Background Normative data provide a baseline from which deviation due to pathology can be measured. Multiple cardiac parameters have been shown to be good indicators of prognosis and of cardiac function. Previously published normative values differ based on modality. This present study presents data on a wide variety of cardiac parameters and attempts to provide rational explanations for the observed differences between our data and published norms.

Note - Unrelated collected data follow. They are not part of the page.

(* Let $p$ be an odd prime, $a_1,a_2,a_3\in\mathbb{F}_p$, $s=3+a_1+a_2+a_3$, and fix an index $i$ (indices modulo $3$). Let $x\neq(0,0,0)$ be a solution in $\mathbb{F}_p^3$ of \[ x_1^2+x_2^2+x_3^2+a_1x_2x_3+a_2x_1x_3+a_3x_1x_2 = s\,x_1x_2x_3 \] with $x_i=0$. Let $m_k$ ($k=1,2,3$) replace $x_k$ by $-x_k + s x_{k-1}x_{k+1} - a_{k+1}x_{k-1} - a_{k-1}x_{k+1}$ leaving the other coordinates unchanged, let $\rho = m_{i+1}\circ m_{i-1}$, and let $N$ be the order of $\rho$ as a permutation of the nonzero solutions with $i$-th coordinate $0$. For such solutions $y$ (which have $y_{i-1}y_{i+1}\neq 0$) define \[ \Delta_i(y) = \frac12\Big(\frac{a_{i-1}}{y_{i-1}} + \frac{a_{i+1}}{y_{i+1}}\Big). \] If $a_i^2\neq 4$, then \[ \sum_{\ell=0}^{N-1}\Big(\Delta_i(m_{i-1}\rho^\ell x) + \Delta_i(\rho^\ell x)\Big) = 0. \] If $a_i^2 = 4$, then this identity holds if and only if $2a_{i-1} = a_{i+1}a_i$. *)

From mathcomp Require Import all_boot all_algebra.
Set Implicit Arguments. Unset Strict Implicit. Unset Printing Implicit Defensive.
Import GRing.Theory.
Local Open Scope ring_scope.

(* Indices are 0-based ('I_3) and taken modulo 3:
   the paper's index k corresponds to k-1 here. *)
Definition nxt (k : 'I_3) : 'I_3 := inord ((k + 1) %% 3).
Definition prv (k : 'I_3) : 'I_3 := inord ((k + 2) %% 3).

Section Markoff.
Variables (p : nat) (a : 'I_3 -> 'F_p).

Definition sval3 : 'F_p := 3%:R + a ord0 + a (inord 1) + a (inord 2).

Definition is_sol (x : {ffun 'I_3 -> 'F_p}) : bool :=
  \sum_(k < 3) x k ^+ 2 + \sum_(k < 3) a k * x (prv k) * x (nxt k)
  == sval3 * x ord0 * x (inord 1) * x (inord 2).

Definition solset (i : 'I_3) : {set {ffun 'I_3 -> 'F_p}} :=
  [set y | is_sol y & (y != 0) && (y i == 0)].

Definition mv (k : 'I_3) (y : {ffun 'I_3 -> 'F_p}) : {ffun 'I_3 -> 'F_p} :=
  [ffun j => if j == k then
      - y k + sval3 * y (prv k) * y (nxt k) - a (nxt k) * y (prv k)
      - a (prv k) * y (nxt k)
    else y j].

Definition rho (i : 'I_3) (y : {ffun 'I_3 -> 'F_p}) := mv (nxt i) (mv (prv i) y).

Definition is_rho_order (i : 'I_3) (N : nat) : Prop :=
  (0 < N)%N /\
  (forall y, y \in solset i -> iter N (rho i) y = y) /\
  (forall n, (0 < n < N)%N -> exists2 y, y \in solset i & iter n (rho i) y != y).

Definition Delta (i : 'I_3) (y : {ffun 'I_3 -> 'F_p}) : 'F_p :=
  (a (prv i) / y (prv i) + a (nxt i) / y (nxt i)) / 2%:R.

Definition DeltaSum (i : 'I_3) (N : nat) (x : {ffun 'I_3 -> 'F_p}) : 'F_p :=
  \sum_(l < N) (Delta i (mv (prv i) (iter l (rho i) x)) + Delta i (iter l (rho i) x)).

End Markoff.

(* On the line x_i = 0 the surface equation becomes the binary quadratic
   u^2 + a_i u v + v^2 = 0 in (u, v) = (x_{i-1}, x_{i+1}).  There both Vieta
   involutions are linear, and by Vieta's product formula rho multiplies every
   point by w = (v/u)^2.  As Delta is homogeneous of degree -1, the l-th
   summand is w^-l times the summand for l = 0, which is
   (2 a_{i+1} - a_i a_{i-1}) / (2 v); so the sum is a geometric sum of ratio
   1/w with (1/w)^N = 1.  It vanishes when w <> 1, which happens exactly when
   a_i^2 <> 4.  When a_i^2 = 4, w = 1, so rho is the identity, N = 1 and the
   sum is that single summand. *)

From mathcomp Require Import all_boot all_algebra.
From mathcomp Require Import ring.

Set Implicit Arguments.
Unset Strict Implicit.
Unset Printing Implicit Defensive.

Import GRing.Theory.
Local Open Scope ring_scope.

Lemma nxt_prv (i : 'I_3) : nxt (prv i) = i.
Proof. by case: i => [[|[|[|]]] ?] //; apply/val_inj; rewrite /prv /nxt /= ?inordK. Qed.

Lemma prv_nxt (i : 'I_3) : prv (nxt i) = i.
Proof. by case: i => [[|[|[|]]] ?] //; apply/val_inj; rewrite /prv /nxt /= ?inordK. Qed.

Lemma prv_prv (i : 'I_3) : prv (prv i) = nxt i.
Proof. by case: i => [[|[|[|]]] ?] //; apply/val_inj; rewrite /prv /nxt /= ?inordK. Qed.

Lemma nxt_nxt (i : 'I_3) : nxt (nxt i) = prv i.
Proof. by case: i => [[|[|[|]]] ?] //; apply/val_inj; rewrite /prv /nxt /= ?inordK. Qed.

Lemma prv_neq (i : 'I_3) : prv i != i.
Proof. by case: i => [[|[|[|]]] ?] //; rewrite -val_eqE /prv /= ?inordK. Qed.

Lemma nxt_neq (i : 'I_3) : nxt i != i.
Proof. by case: i => [[|[|[|]]] ?] //; rewrite -val_eqE /nxt /= ?inordK. Qed.

Lemma prv_neq_nxt (i : 'I_3) : prv i != nxt i.
Proof. by case: i => [[|[|[|]]] ?] //; rewrite -val_eqE /prv /nxt /= ?inordK. Qed.

Lemma nxt_neq_prv (i : 'I_3) : nxt i != prv i.
Proof. by rewrite eq_sym prv_neq_nxt. Qed.

Lemma ord3_cases (i j : 'I_3) : [\/ j = i, j = prv i | j = nxt i].
Proof.
have: [|| j == i, j == prv i | j == nxt i].
  by case: i => [[|[|[|]]] ?] //; case: j => [[|[|[|]]] ?] //;
    rewrite -!val_eqE /prv /nxt /= ?inordK.
by case/or3P => /eqP; [apply: Or31 | apply: Or32 | apply: Or33].
Qed.

Lemma big_ord3_rot (R : Type) (idx : R) (op : Monoid.com_law idx)
    (F : 'I_3 -> R) (i : 'I_3) :
  \big[op/idx]_(k < 3) F k = op (op (F i) (F (prv i))) (F (nxt i)).
Proof.
rewrite (bigD1 i) // (bigD1 (prv i)) ?prv_neq //=.
rewrite (big_pred1 (nxt i)) ?Monoid.mulmA // => j /=.
case: (ord3_cases i j) => [->|->|->]; rewrite !eqxx ?andbF //=.
- by rewrite eq_sym (negbTE (nxt_neq i)).
- by rewrite (negbTE (prv_neq_nxt i)).
- by rewrite nxt_neq eq_sym prv_neq_nxt.
Qed.

Lemma prod_ord3 (R : comPzRingType) (f : 'I_3 -> R) :
  \prod_(k < 3) f k = f ord0 * f (inord 1) * f (inord 2).
Proof.
rewrite !big_ord_recr big_ord0 /= mul1r.
by congr (f _ * f _ * f _); apply/val_inj; rewrite /= ?inordK.
Qed.

Lemma Fp_two_neq0 (p : nat) : prime p -> odd p -> (2%:R : 'F_p) != 0.
Proof.
move=> p_pr p_odd; rewrite -(dvdn_pcharf (pchar_Fp p_pr)).
have p_neq1 : p != 1%N by rewrite neq_ltn prime_gt1 ?orbT.
by apply: contraL p_odd => /(prime_nt_dvdP (isT : prime 2) p_neq1) ->.
Qed.

Lemma sum_expr_root1_eq0 (R : idomainType) (z : R) (n : nat) :
  z ^+ n = 1 -> z != 1 -> \sum_(l < n) z ^+ l = 0.
Proof.
move=> zn1 z_neq1; apply/eqP; move: (subrX1 z n); rewrite zn1 subrr => /esym/eqP.
by rewrite mulf_eq0 subr_eq0 (negbTE z_neq1).
Qed.

Section Conic.
Variables (F : fieldType) (A : F).

Lemma conic_ratio (u v : F) : u != 0 ->
  u ^+ 2 + A * u * v + v ^+ 2 = 0 -> (v / u) ^+ 2 + A * (v / u) + 1 = 0.
Proof.
by move=> u0 E; apply: (mulIf (expf_neq0 2 u0)); rewrite mul0r -E; field.
Qed.

Lemma conic_vieta (u v : F) : u != 0 ->
  u ^+ 2 + A * u * v + v ^+ 2 = 0 -> - u - A * v = (v / u) ^+ 2 * u.
Proof.
move=> u0 E; apply: (mulIf u0); transitivity (v ^+ 2); last by field.
by rewrite -[RHS]subr0 -E; ring.
Qed.

Lemma conic_root_sqr (t : F) : t ^+ 2 + A * t + 1 = 0 -> - 1 - A * t = t ^+ 2.
Proof. by move=> r; apply/subr0_eq; rewrite -[RHS]oppr0 -r; ring. Qed.

Lemma conic_root_sqr_eq1 (t : F) : 2%:R != 0 :> F ->
  t ^+ 2 + A * t + 1 = 0 -> (t ^+ 2 == 1) = (A ^+ 2 == 4%:R).
Proof.
move=> two r; have At : A * t = - 1 - t ^+ 2 by rewrite -(conic_root_sqr r); ring.
apply/eqP/eqP => [t2 | A2].
  rewrite t2 in At; have /orP[] : (t == 1) || (t == -1) by rewrite -sqrf_eq1 t2.
    by move=> /eqP tE; rewrite tE mulr1 in At; rewrite At; ring.
  by move=> /eqP tE; rewrite tE mulrN1 in At; rewrite -[A]opprK At; ring.
have sq : (t + A / 2%:R) ^+ 2 = 0.
  have -> : (t + A / 2%:R) ^+ 2 = (t ^+ 2 + A * t + 1) + (A ^+ 2 - 4%:R) / 4%:R.
    by field; rewrite (_ : 4%:R = 2%:R * 2%:R :> F) ?mulf_neq0 // -natrM.
  by rewrite r A2 subrr mul0r addr0.
move/eqP: sq; rewrite sqrf_eq0 addr_eq0 => /eqP ->.
by rewrite sqrrN expr_div_n A2 -natrX divff // (natrX _ 2 2) expf_neq0.
Qed.

Lemma double_eq_mul_swap (b c : F) : 2%:R != 0 :> F -> A ^+ 2 = 4%:R ->
  (2%:R * b == A * c) = (2%:R * c == b * A).
Proof.
move=> two A2.
suff half (x y : F) : 2%:R * x = A * y -> 2%:R * y = x * A.
  apply/eqP/eqP => h; first exact: half.
  by rewrite [A * c]mulrC; apply: half; rewrite h mulrC.
move=> h; apply: (mulfI two).
transitivity (A ^+ 2 * y); first by rewrite A2 mulrA -natrM.
by rewrite mulrA h; ring.
Qed.

End Conic.

Section Markoff.
Variables (p : nat) (a : 'I_3 -> 'F_p).
Implicit Types (y : {ffun 'I_3 -> 'F_p}) (c : 'F_p).

(* Pointwise scaling: ['F_p] is not canonically an lmodType over itself, so
   [*:] is not available on these vectors. *)
Definition dilate c y : {ffun 'I_3 -> 'F_p} := [ffun j => c * y j].

Lemma dilate1 y : dilate 1 y = y.
Proof. by apply/ffunP => j; rewrite ffunE mul1r. Qed.

Lemma mv_ne k y j : j != k -> mv a k y j = y j.
Proof. by rewrite ffunE => /negbTE->. Qed.

Lemma mv_scale k c y :
  y (prv k) * y (nxt k) = 0 -> mv a k (dilate c y) = dilate c (mv a k y).
Proof.
move=> yky; apply/ffunP => j; rewrite !ffunE; case: eqP => // _.
have -> : sval3 a * (c * y (prv k)) * (c * y (nxt k))
          = sval3 a * c ^+ 2 * (y (prv k) * y (nxt k)) by ring.
rewrite -(mulrA _ (y (prv k))) yky !mulr0; ring.
Qed.

Lemma Delta_scale i c y : Delta a i (dilate c y) = c^-1 * Delta a i y.
Proof. by rewrite /Delta !ffunE !invfM; ring. Qed.

Section Axis.
Variable i : 'I_3.
Local Notation P := (prv i).
Local Notation Q := (nxt i).
Local Notation A := (a i).

Lemma is_sol_axis y :
  y i = 0 -> is_sol a y = (y P ^+ 2 + A * y P * y Q + y Q ^+ 2 == 0).
Proof.
move=> yi; rewrite /is_sol !(big_ord3_rot _ _ i) /= nxt_prv prv_nxt prv_prv nxt_nxt yi.
have -> : sval3 a * y ord0 * y (inord 1) * y (inord 2) = sval3 a * \prod_(k < 3) y k.
  by rewrite prod_ord3 !mulrA.
rewrite (big_ord3_rot _ _ i) /= yi !mul0r !mulr0.
by congr (_ == 0); ring.
Qed.

Lemma solset_axis y : y \in solset a i ->
  [/\ y i = 0, y P != 0, y Q != 0 & y P ^+ 2 + A * y P * y Q + y Q ^+ 2 = 0].
Proof.
rewrite inE => /and3P[+ y_neq0 /eqP yi]; rewrite is_sol_axis // => /eqP E.
have y0 : y P = 0 -> y Q = 0 -> y = 0.
  by move=> yP yQ; apply/ffunP => j; rewrite ffunE; case: (ord3_cases i j) => ->.
split=> //; apply: contra y_neq0 => /eqP y0'; apply/eqP/y0 => //; apply/eqP.
  by rewrite -(sqrf_eq0 (y Q)) -E y0'; apply/eqP; ring.
by rewrite -(sqrf_eq0 (y P)) -E y0'; apply/eqP; ring.
Qed.

Lemma rho_scale c y : y i = 0 -> rho a i (dilate c y) = dilate c (rho a i y).
Proof.
move=> yi; rewrite /rho !mv_scale //.
  by rewrite prv_nxt mv_ne 1?eq_sym ?prv_neq // yi mul0r.
by rewrite nxt_prv yi mulr0.
Qed.

Lemma mv_prv_axis y : y i = 0 ->
  mv a P y = [ffun j => if j == P then - y P - A * y Q else y j].
Proof.
move=> yi; apply/ffunP => j; rewrite !ffunE; case: eqP => // _.
by rewrite prv_prv nxt_prv yi; ring.
Qed.

Lemma mv_nxt_axis y : y i = 0 ->
  mv a Q y = [ffun j => if j == Q then - y Q - A * y P else y j].
Proof.
move=> yi; apply/ffunP => j; rewrite !ffunE; case: eqP => // _.
by rewrite nxt_nxt prv_nxt yi; ring.
Qed.

Lemma rho_solset y : y \in solset a i -> rho a i y = dilate ((y Q / y P) ^+ 2) y.
Proof.
case/solset_axis => yi yP _ E; have r := conic_ratio yP E.
set t : 'F_p := y Q / y P in r *; have yQt : y Q = t * y P by rewrite divfK.
have mP : - y P - A * y Q = t ^+ 2 * y P by exact: conic_vieta.
have mQ : - y Q - A * (t ^+ 2 * y P) = t ^+ 2 * y Q.
  apply/subr0_eq; transitivity (- t * y P * (t ^+ 2 + A * t + 1)).
    by rewrite yQt; ring.
  by rewrite r mulr0.
have iP := prv_neq i; have iQ := nxt_neq i.
rewrite /rho mv_prv_axis // mv_nxt_axis; last by rewrite ffunE eq_sym (negbTE iP).
apply/ffunP => j; rewrite !ffunE (negbTE (nxt_neq_prv i)) mP.
case: (ord3_cases i j) => ->.
- by rewrite eq_sym (negbTE iQ) eq_sym (negbTE iP) yi mulr0.
- by rewrite (negbTE (prv_neq_nxt i)) eqxx.
- by rewrite !eqxx mQ.
Qed.

Lemma iter_rho_solset y l : y \in solset a i ->
  iter l (rho a i) y = dilate (((y Q / y P) ^+ 2) ^+ l) y.
Proof.
move=> ys; have [yi _ _ _] := solset_axis ys; set w := (y Q / y P) ^+ 2.
elim: l => [|l IHl]; first by rewrite dilate1.
rewrite iterS IHl rho_scale // rho_solset //; apply/ffunP => j.
by rewrite !ffunE mulrA -exprSr.
Qed.

Lemma Delta_mv_prv_add y : 2%:R != 0 :> 'F_p -> y \in solset a i ->
  Delta a i (mv a P y) + Delta a i y = (2%:R * a Q - A * a P) / (2%:R * y Q).
Proof.
move=> two /solset_axis[yi yP yQ E].
have uv : y P ^+ 2 + y Q ^+ 2 = - (A * y P * y Q) by rewrite -[RHS]add0r -E; ring.
rewrite /Delta mv_prv_axis // !ffunE eqxx (negbTE (nxt_neq_prv i)) conic_vieta //.
transitivity ((a P * (y P ^+ 2 + y Q ^+ 2) / (y P * y Q ^+ 2) + 2%:R * a Q / y Q) / 2%:R).
  by field; rewrite yP yQ two.
by rewrite uv; field; rewrite yP yQ two.
Qed.

Lemma DeltaSum_solset N y : 2%:R != 0 :> 'F_p -> y \in solset a i ->
  DeltaSum a i N y =
  (\sum_(l < N) ((y P / y Q) ^+ 2) ^+ l) * ((2%:R * a Q - A * a P) / (2%:R * y Q)).
Proof.
move=> two ys; have [yi _ _ _] := solset_axis ys.
rewrite /DeltaSum big_distrl; apply: eq_bigr => l _.
rewrite iter_rho_solset // mv_scale ?nxt_prv ?yi ?mulr0 // !Delta_scale -mulrDr.
by rewrite Delta_mv_prv_add // -!exprVn invf_div.
Qed.

Lemma rho_period_ratio N y : y \in solset a i ->
  iter N (rho a i) y = y -> ((y P / y Q) ^+ 2) ^+ N = 1.
Proof.
move=> ys; have [_ yP _ _] := solset_axis ys.
rewrite iter_rho_solset // => /ffunP/(_ P); rewrite ffunE -[RHS]mul1r => /(mulIf yP) wN.
by rewrite -invf_div !exprVn wN invr1.
Qed.

Lemma solset_ratio_sqr_neq1 y : 2%:R != 0 :> 'F_p -> A ^+ 2 != 4%:R ->
  y \in solset a i -> (y P / y Q) ^+ 2 != 1.
Proof.
move=> two A2 /solset_axis[_ _ yQ E].
have E' : y Q ^+ 2 + A * y Q * y P + y P ^+ 2 = 0 by rewrite -E; ring.
by rewrite (conic_root_sqr_eq1 two (conic_ratio yQ E')).
Qed.

Lemma rho_solset_id : 2%:R != 0 :> 'F_p -> A ^+ 2 = 4%:R ->
  {in solset a i, forall y, rho a i y = y}.
Proof.
move=> two A2 y ys; have [_ yP _ E] := solset_axis ys.
have /eqP w1 : (y Q / y P) ^+ 2 == 1.
  by rewrite (conic_root_sqr_eq1 two (conic_ratio yP E)) A2.
by rewrite rho_solset // w1 dilate1.
Qed.

Lemma rho_order_id N : {in solset a i, forall y, rho a i y = y} ->
  is_rho_order a i N -> N = 1%N.
Proof.
move=> rho_id [N_gt0 [_ Nmin]]; case: N N_gt0 Nmin => [|[|n]] // _ /(_ 1%N isT)[y ys].
by rewrite /= rho_id // eqxx.
Qed.

End Axis.
End Markoff.

Theorem proposition2p3 (p : nat) (a : 'I_3 -> 'F_p) (i : 'I_3)
    (x : {ffun 'I_3 -> 'F_p}) (N : nat) :
  prime p -> odd p ->
  x \in solset a i ->
  is_rho_order a i N ->
  (a i ^+ 2 != 4%:R -> DeltaSum a i N x = 0) /\
  (a i ^+ 2 = 4%:R ->
     (DeltaSum a i N x = 0 <-> 2%:R * a (prv i) = a (nxt i) * a i)).
Proof.
move=> p_pr p_odd xs Nord; have two := Fp_two_neq0 p_pr p_odd.
have [_ _ xQ _] := solset_axis xs; have [_ [Nper _]] := Nord.
rewrite DeltaSum_solset //; split => A2.
  rewrite sum_expr_root1_eq0 ?mul0r //; first exact: rho_period_ratio (Nper x xs).
  exact: (solset_ratio_sqr_neq1 two A2 xs).
rewrite (rho_order_id (rho_solset_id two A2) Nord) big_ord1 expr0 mul1r.
rewrite (rwP eqP) mulf_eq0 invr_eq0 mulf_eq0 (negbTE two) (negbTE xQ) !orbF.
rewrite subr_eq0 double_eq_mul_swap //.
by split=> /eqP.
Qed.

Study Design and Methods Using 3-D echocardiography (3-DE) with the piecewise smooth surface subdivision (PSSS) reconstruction technique three-dimensional reconstructions of the left and right ventricular (LV and RV) endocardium and the mitral and tricuspid annuli (MA and TA) were obtained for 67 normal subjects or subsets thereof. Custom software was used to evaluate the volume, dimensions, and shape of these heart reconstructions.

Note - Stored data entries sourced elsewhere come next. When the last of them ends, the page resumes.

(* Let $\alpha,\beta$ be compositions with $\beta\subseteq\alpha$ such that the skew diagram $\alpha/\beta$ is connected. Then the poset $\mathrm{SET}(\alpha/\beta)$ has a unique minimal element, namely $S^{\mathrm{col}}_{\alpha/\beta}$. Equivalently, $\mathrm{SET}(\alpha/\beta)$ coincides with the interval $[S^{\mathrm{col}}_{\alpha/\beta},S^{\mathrm{row}}_{\alpha/\beta}]$ in the poset $\mathrm{SIT}(\alpha/\beta)$, and its rank is $\binom{|\alpha/\beta|}{2}-\sum_{c\in\alpha/\beta}\mathrm{ls}(c)$.
   Context: A composition $\alpha=(\alpha_1,\ldots,\alpha_k)$ is a finite sequence of positive integers, $|\alpha|=\sum\alpha_i$. Its diagram has rows numbered from the bottom (row 1 lowest), row $i$ consisting of the cells in columns $1,\ldots,\alpha_i$. For $\beta\subseteq\alpha$ (i.e. $\ell(\beta)\le\ell(\alpha)$, $\beta_j\le\alpha_j$), the skew diagram $\alpha/\beta$ consists of the cells in row $i$, column $j$ with $\beta_i<j\le\alpha_i$ ($\beta_i=0$ for $i>\ell(\beta)$); $n=|\alpha/\beta|=|\alpha|-|\beta|$. $\alpha/\beta$ is reduced if it has no empty rows; it is connected if, after deleting its empty rows, for every pair of consecutive rows there is a column containing a cell of each row of the pair. $\mathrm{SIT}(\alpha/\beta)$: bijective fillings of $\alpha/\beta$ with $1,\ldots,n$ with rows increasing left to right and column-1 entries increasing bottom to top. $\mathrm{SET}(\alpha/\beta)\subseteq\mathrm{SIT}(\alpha/\beta)$: fillings with all rows increasing left to right and all columns increasing bottom to top. For $1\le i\le n-1$, $\pi_i(T)=T$ if $i+1$ is in a strictly higher row than $i$, $\pi_i(T)=s_i(T)$ (swap $i$ and $i+1$) if $i+1$ is in a strictly lower row than $i$, and $\pi_i(T)=0$ otherwise. The poset order on $\mathrm{SIT}(\alpha/\beta)$: $T\le T'$ iff $T'$ is obtained from $T$ by a sequence of operators $\pi_i$ (all intermediate results nonzero); this poset is graded with rank function given by the number of inversions, and $\mathrm{SET}(\alpha/\beta)$ has the induced order. $S^{\mathrm{row}}_{\alpha/\beta}$ is the tableau filled with $1,\ldots,n$ consecutively along rows left to right, starting from the bottom row and moving up; $S^{\mathrm{col}}_{\alpha/\beta}$ is the tableau filled consecutively along columns bottom to top, starting from the leftmost column and moving right. For a cell $c$ of $\alpha/\beta$, $\mathrm{ls}(c)$ is the number of cells of $\alpha/\beta$ other than $c$ that are weakly southwest of $c$ (weakly below and weakly left). *)

From mathcomp Require Import all_boot.
Set Implicit Arguments. Unset Strict Implicit. Unset Printing Implicit Defensive.
(* Let $T$ be a non-star tree and $x$ a vertex of $T$ with neighbors $x_1,\dots,x_n$, $n\ge 2$. Suppose that for $i=1,\dots,p$, where $1\le p<n$, there exists a $(T_{(x_i,x)},x_i)$-well 2-placement. Let $T'$ be the connected component containing $x$ in $T-\{xx_i: i=1,\dots,p\}$. If there exists a $(T',z)$-well 2-placement $\sigma$ with $dist(x,\sigma(x))\le 3$, where $z$ is a vertex of $T'$, then there exists a $(T,z)$-well 2-placement $\sigma_z$ with $\sigma_z(v)=\sigma(v)$ for every $v\in V(T')$.
   Context: All graphs are finite, simple and undirected. A non-star tree is a tree not isomorphic to a star $K_{1,m}$ for any $m\ge0$. For an edge $ab$ of a tree $T$, $T_{(a,b)}$ denotes the connected component containing $a$ in $T-\{ab\}$. For a tree $S$, a permutation $\sigma$ of $V(S)$ is a 2-placement of $S$ if $\sigma(a)\sigma(b)\notin E(S)$ for every edge $ab\in E(S)$; $\sigma(S)\subseteq S^k$ means $dist_S(\sigma(a),\sigma(b))\le k$ for every edge $ab$ of $S$. For a non-star tree $S$ and vertex $w$, a fixed-point-free permutation $\sigma$ of $V(S)$ is an $(S,w)$-well 2-placement if (distances and degrees taken in $S$): (1) $\sigma$ is a 2-placement of $S$; (2) $\sigma(S)\subseteq S^6$; (3) $dist(w,\sigma(w))\le 2$; (4) $dist(y,\sigma(y))\le 3$ for every neighbor $y$ of $w$; (5) $dist(y,\sigma(y))\le 4$ for every $y$ of degree $1$; (6) every cycle of $\sigma$ (in its disjoint cycle decomposition) has length at most $5$. *)

From HB Require Import structures.
From mathcomp Require Import all_boot all_fingroup.
Set Implicit Arguments. Unset Strict Implicit. Unset Printing Implicit Defensive.

Section Defs.
Variable V : finType.

Definition ind (e : rel V) (A : {set V}) : rel V :=
  fun u v => [&& u \in A, v \in A & e u v].

Definition dist_le (e : rel V) (A : {set V}) (k : nat) (u v : V) : Prop :=
  u \in A /\ exists p : seq V, [/\ path (ind e A) u p, last u p = v & size p <= k].

Definition deg (e : rel V) (A : {set V}) (u : V) : nat := #|[set y | ind e A u y]|.

Definition is_tree (e : rel V) (A : {set V}) : Prop :=
  [/\ A != set0,
      {in A &, forall u v, connect (ind e A) u v} &
      forall c : seq V, uniq c -> 2 < size c -> ~~ path.cycle (ind e A) c].

(* The tree on A is a star K_{1,m} (m >= 0): some center c in A is an
   endpoint of every edge. *)
Definition is_star (e : rel V) (A : {set V}) : Prop :=
  exists2 c, c \in A & forall u v, ind e A u v -> u = c \/ v = c.

Definition nonstar_tree (e : rel V) (A : {set V}) : Prop :=
  is_tree e A /\ ~ is_star e A.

Results In the combined, mixed-gender group we found LV end-diastolic (ED) and end-systolic (ES) volumes/body surface area (BSA) of 76.5 ± 16.8 mL/m2 and 35.3 ± 14.1 mL/m2, respectively, left ventricular ejection fraction (LVEF) of 56.1 ± 9.93%, RV ED and ES volumes/BSA of 93.2 ± 20.0 mL/m2 and 49.9 ± 13.5 mL/m2, respectively, and a RVEF of 47.3 ± 7.69%. We also present data on the geometry and shape of the LV, RV, mitral annulus, and tricuspid annulus. There was no clear pattern of understatement or overstatement of volumes or dimensions compared with data from other modalities.

Conclusion Data obtained on cardiac parameters through 3-DE and the PSSS reconstruction method are generally consistent with those obtained through other imaging modalities, and observed variance in data can largely be accounted for through examination of the physics or protocol of each modality.